Beside the earlier listed shortcomings of the automatic query generators, these generators operate over the data sources given in advance, and have no ability to include other data sources without statistical calculations or global mapping. Also, they cannot handle the same data source over repositories simultaneously, where it has different predicates and connections. The only solution which explicitly deals with the integrated querying of distributed RDF repositories is described in [44]. Stuckenschmidt et. al theoretically described how to extend the Sesame RDF [10] repository to support distributed SeRQL queries over multiple Sesame RDF repositories. They use a special index structure to determine the relevant sources for a query. However, this approach is of a purely theoretical nature.
On the other hand, many existing applications provide a user-friendly interface for exploring bioinformatics data sources and allow users to intuitively create and perform Federated SPARQL queries, since SPARQL has a complex syntax. These applications can create useful queries which follows from the fact that the user follows the imposed steps through the interface, selects the relevant data sources (endpoints), predicates and subjects/objects, thus making room for decisions on how to connect these single pieces into a query by using the expert knowledge. Examples of such applications are: GoWeb [19], SPARQLGraph [43], Smart [17], BioQueries [24], BioSearch [28] etc. These applications were designed for the visual creation, editing and execution of biological SPARQL queries. PIBAS FedSPARQL [20] is an application that also runs Federated SPARQL queries for several bioinformatics topics. In this application the user has to navigate through the system and select query parts. As an advanced feature, PIBAS FedSPARQL provides the possibility of detecting similar data using results of predefined queries as an input.
However, all these applications are based on personal experience and affinities, while the drawbacks of some applications are also reflected in the impossibility of adding new datasets and in the supporting of a small number of specific endpoints. The SpecINT framework requires less human interventions, since the relevant data sources are selected by using the graph eigenvectors which show envious accurate results. Our approach gives more general answers to researchers who are not familiar with the SPARQL syntax and repositories organization.

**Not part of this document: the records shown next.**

Lemma multisect_sumMl (c : {poly R}) w :
  (c \Po 'X^k) * multisect_sum w = multisect_sum (fun r => c * w r).
Proof.
by rewrite /multisect_sum big_distrr; apply: eq_bigr => r _; rewrite comp_polyM mulrCA.
Qed.

Lemma multisect_sumMr (c : {poly R}) w :
  multisect_sum w * (c \Po 'X^k) = multisect_sum (fun r => w r * c).
Proof.
by rewrite /multisect_sum big_distrl; apply: eq_bigr => r _; rewrite comp_polyM mulrA.
Qed.

(* The matrix of multiplication by [p] on the free [R[X^k]]-module [R[X]] with basis
   [1, X, ..., X^(k-1)], written in the variable [Y = X^k]. *)
Definition multisect_mx p : 'M[{poly R}]_k :=
  \matrix_(t, s) (if (s <= t)%N then multisect p (t - s) else 'X * multisect p (t + k - s)).

Lemma multisect_termM p q (r s : 'I_k) :
  'X^r * (multisect p r \Po 'X^k) * ('X^s * (q \Po 'X^k))
  = 'X^(modk (r + s)) * ((multisect_mx p (modk (r + s)) s * q) \Po 'X^k).
Proof.
rewrite mxE /=; case: (ltnP (r + s) k) => hrs.
  by rewrite modn_small // leq_addl addnK comp_polyM exprD; ring.
have -> : ((r + s) %% k = r + s - k)%N.
  rewrite -{1}(subnK hrs) modnDr modn_small // ltn_subLR //.
  by rewrite -addSn leq_add // ltnW.
have -> : (s <= r + s - k)%N = false.
  by apply/negbTE; rewrite -ltnNge ltn_subLR // ltn_add2r.
rewrite subnK // addnK !comp_polyM comp_polyX !mulrA -exprD subnK // exprD; ring.
Qed.

Lemma mul_multisect_sum p w :
  p * multisect_sum w = multisect_sum (fun t => \sum_s multisect_mx p t s * w s).
Proof.
rewrite -{1}(multisectK p) /multisect_sum big_distrl /=.
under eq_bigr do rewrite big_distrr /=.
under [RHS]eq_bigr do rewrite rmorph_sum big_distrr /=.
rewrite exchange_big [RHS]exchange_big /=; apply: eq_bigr => s _.
have shift_inj : injective (fun r : 'I_k => modk (r + s)).
  move=> r1 r2 /(congr1 val) /= /eqP; rewrite eqn_modDr !modn_small // => /eqP e.
  exact: val_inj.
rewrite [RHS](reindex_inj shift_inj) /=.
by apply: eq_bigr => r _; rewrite multisect_termM.
Qed.

(* [F] is the determinant of [multisect_mx f]; the cofactor comes from its adjugate. *)
Lemma norm_multisect_exists (f : {poly R}) :
  exists F fs : {poly R}, fs * f = F \Po 'X^k /\ F`_0 = f`_0 ^+ k.
Proof.
pose A := multisect_mx f; pose i0 : 'I_k := Ordinal k_gt0.
exists (\det A), (multisect_sum (fun t => \adj A t i0)); split.
  rewrite mulrC mul_multisect_sum.
  rewrite (@eq_multisect_sum _ (fun t => (\det A) *+ (t == i0))); last first.
    by move=> t; have /matrixP/(_ t i0) := mul_mx_adj A; rewrite !mxE.
  rewrite /multisect_sum (bigD1 i0) //= mulr1n expr0 mul1r big1 ?addr0 // => r hr.
  by rewrite (negbTE hr) mulr0n comp_polyC polyC0 mulr0.
rewrite -horner_coef0 -horner_evalE -det_map_mx det_trig.
  rewrite (eq_bigr (fun _ => f`_0)) ?prodr_const ?card_ord // => i _.
  rewrite /A !mxE /= leqnn subnn horner_evalE horner_coef0 /multisect coef_poly.
  by case: ifP => // /negbT; rewrite -leqNgt => hs; rewrite nth_default.
apply/is_trig_mxP => i j hij; rewrite /A !mxE /= leqNgt hij /=.
by rewrite horner_evalE hornerM hornerX mul0r.
Qed.

End Multisection.

Section PcharPoly.
Variable R : comNzRingType.
Variables l k : nat.
Hypothesis pchar_l : l \in [pchar R].
Hypothesis k_gt0 : (0 < k)%N.
Hypothesis Rreduced : forall (x : R) n, x ^+ n = 0 -> x = 0.

Lemma Xnsub1_expn_pchar N : ('X^k - 1 : {poly R}) ^+ (l ^ N) = 'X^(k * l ^ N) - 1.
Proof.
have pchar_poly_l : l \in [pchar {poly R}] by rewrite pchar_poly.
have lN_pchar : (GRing.pchar {poly R}).-nat (l ^ N)%N.
  by rewrite pnatX pnatE ?pchar_poly_l //; case/andP: pchar_l.
by rewrite exprDn_pchar // exprNn_pchar // expr1n exprM.
Qed.

Lemma Xnsub1_comp N : (('X - 1) ^+ (l ^ N) \Po 'X^k : {poly R}) = 'X^(k * l ^ N) - 1.
Proof.
by rewrite rmorphXn /= comp_polyB comp_polyX comp_polyC polyC1 Xnsub1_expn_pchar.
Qed.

Automatic query generators suffer from many disadvantages described in the previous section. The SpecINT framework represents a trade-off solution between automatic and user-guided query generators which is created in order to extract knowledge from the life science repositories. Today, there are several semantic based repositories (initiatives) for biological and chemical data sources integration: Bio2RDF [5], LODD [29], Chem2Bio2RDF [13], EMBL-EBI [30], Open PHACTS [49], ChemSpider [34] etc. Most current RDF infrastructures store information locally as a single knowledge repository according to certain design decisions. It means that the RDF models are replicated locally from remote sources and are merged into a single model regardless of the distributed nature of the Semantic Web. In many cases, we are forced to access external data sources from an RDF infrastructure without being able to create a local storage of the information we want to query. For example, we do not have permission to copy the data, data sources are too large to create a single model containing all the information, a data source is not available in RDF, but can be wrapped to produce query results in RDF format and so on [44]. On the other side, the Open PHACTS Discovery Platform [27] takes a local copy for performance reasons, but the data remain in their original form. It provides integrated access to 11 Linked Datasets covering information about chemistry, pathways, and proteins. Queries then extract relevant parts of each dataset based on contextualized instance equivalences retrieved from the Identity Mapping Service. However, no repository can cover all datasets, which only confirms the need to deal with repositories that are distributed across different locations enabling data freshness and scalability (an easy integration of novel data).
New data integration
This section is devoted to the publishing of new data sources. In order to make data widely available, data should be linked to other data sources by entity matching. According to LOD cloud statistics4
Aiming to meet the principles of Linked Data5

Part of PIBAS map
Our framework enables a variety of use cases, of which two are explained below. Note that this is a proof-of-concept project and the data is not updated.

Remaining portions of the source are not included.